The protocol was approved by the Clinical Research and Laboratory Animal Ethics Committee of the First Affiliated Hospital, Sun Yat-sen University ((2017)286) and all subjects will provide their written informed consent. For all participating hospitals and study sites, approval by the boards of management will also be obtained. Procedures followed were in accord with the ethical standards of the Declaration of Helsinki. The study protocol was registered at www.chictr.org.cn prior to trial commencement.

Changes to the study protocol are documented in amendments. Amendments are submitted for approval to the ethics committee. Major changes will be updated on the trial registration website (www.chictr.org.cn).

After completion, the results will be published in a peer-reviewed journal.

Discussion

Hypercholesterolaemia is one of the leading modified risk factors of ASCVD and reduction of LDL-C greatly improves patients’ clinical outcomes in both primary and secondary prevention. However, the efficacy and adherence of lipid-lowering therapy is far from satisfactory. A transition to a simplified dosing regimen may favourably affect compliance, a major factor that contributes to patient well-being. Once-daily formulations may lead to improved medication adherence, better lipid control as well as potential better outcomes. The APEX study is specifically designed to address whether once per day dosing of XZK is non-inferior to standard two times per day regimen in lipid-lowering efficacy in hyperlipidaemia patients. To our knowledge, this is the first study to evaluate the efficacy of XZK prescribed in different frequencies.

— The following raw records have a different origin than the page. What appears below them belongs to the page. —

Lemma mean_ffact_poly k (c : seq nat) :
  (\sum_(x : profile n k.+1) ffact_poly c (deg g x))%:R / (k.+1`! ^ n)%:R =
  \sum_(0 <= j < size c) (nth 0 c j * k ^_ j)%:R * win_prob j.
Proof.
rewrite /ffact_poly exchange_big natr_sum mulr_suml; apply: eq_bigr => j _.
by rewrite -big_distrr !natrM -!mulrA mean_ffact_deg.
Qed.

Lemma ffact_moment_relation k (c1 c2 : seq nat) :
    (forall d, (d <= k)%N -> (ffact_poly c1 d + ffact_poly c1 (k - d) =
                              ffact_poly c2 d + ffact_poly c2 (k - d))%N) ->
  \sum_(0 <= j < size c1) (nth 0 c1 j * k ^_ j)%:R * win_prob j =
  \sum_(0 <= j < size c2) (nth 0 c2 j * k ^_ j)%:R * win_prob j.
Proof.
by move=> sym; rewrite -!mean_ffact_poly (sum_deg_symmetric g_odd sym).
Qed.

End Moments.

Theorem mainTheorem9 (n : nat) (g : bvec n -> bool) (hg : odd_fun g) :
  GCW 4 g = 2 * GCW 3 g - 1 /\
  GCW 5 g = GCW 6 g / 3 + 5 * GCW 3 g / 3 - 1.
Proof.
have four_alternatives := ffact_moment_relation hg ffact_identity3.
have six_alternatives := ffact_moment_relation hg ffact_identity5.
rewrite unlock /= ffactE /= (win_prob0 g) in four_alternatives six_alternatives.
rewrite !(GCW_win_prob hg); split; lra.
Qed.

Recent guidelines recommend different LDL-C goals based on the calculated CV risks.4 For patients with low to moderate CV risks, lifestyle changes as well as addition of lipid-lowering dietary supplements could be considered.4 XZK, produced by the fermentation of RYR, is classified as prescription drug instead of dietary supplement in China. It contains several types of monacolins including monacolin K, which is structurally identical to lovastatin. 23 A large number of clinical studies have confirmed the lipid-lowering efficacy of XZK and RYR.24–27 Therefore, RYR with an active daily dose of 3–10 mg (monacolin K) is a class I recommendation for patients with mild to moderate hypercholesterolaemia and those with statin intolerance.28 29 However, there are still controversies regarding the safety of RYR. Several cases reports have highlighted the potential adverse reactions of RYR including muscle and hepatic injuries.30 31 Therefore, recently European Food Safety Authority opinion on the safety of monacolins in RYR suggested the dose of monacolins in RYR to be ≤3 mg.32 However, in fact, it is unclear whether the observed adverse effects in these cases were associated with monacolins or other components or drug interaction. In this case, a meta-analysis including 53 RCTs and 8535 patients was conducted and confirmed that RYR-based therapy was safe and very well tolerated independent of dose and duration of therapy and population investigated.33 Besides, RYR was associated with reduced risk of non-musculoskeletal disorders and severe adverse events.33 Therefore, monacolin K administrated at a dose of 10 mg in our study is overall tolerable and safe. Nevertheless, high quality clinical trials are still needed to further evaluate the safety.

Limitations

There are still some limitations in our study. First, the medication duration in our study is only 8 weeks, which may be a little short. However, according to the published clinical trials, XZK showed a significant lipid-lowering effect at a follow-up period of 6–24 weeks.26 Besides, our study adopted an open-label design which had its inner bias. However, the open-label design gives us the opportunity to study the possible influence of compliance on the efficacy of the treatment. Third, XZK contains a family of naturally occurring statins besides monacolin K. The lipid-lowering efficacy of every single ingredient within XZK can hardly be evaluated in our study. Further studies are still need to fully characterise the effects of the diverse chemical constituents and the toxicological actions of the bioactive compounds in XZK.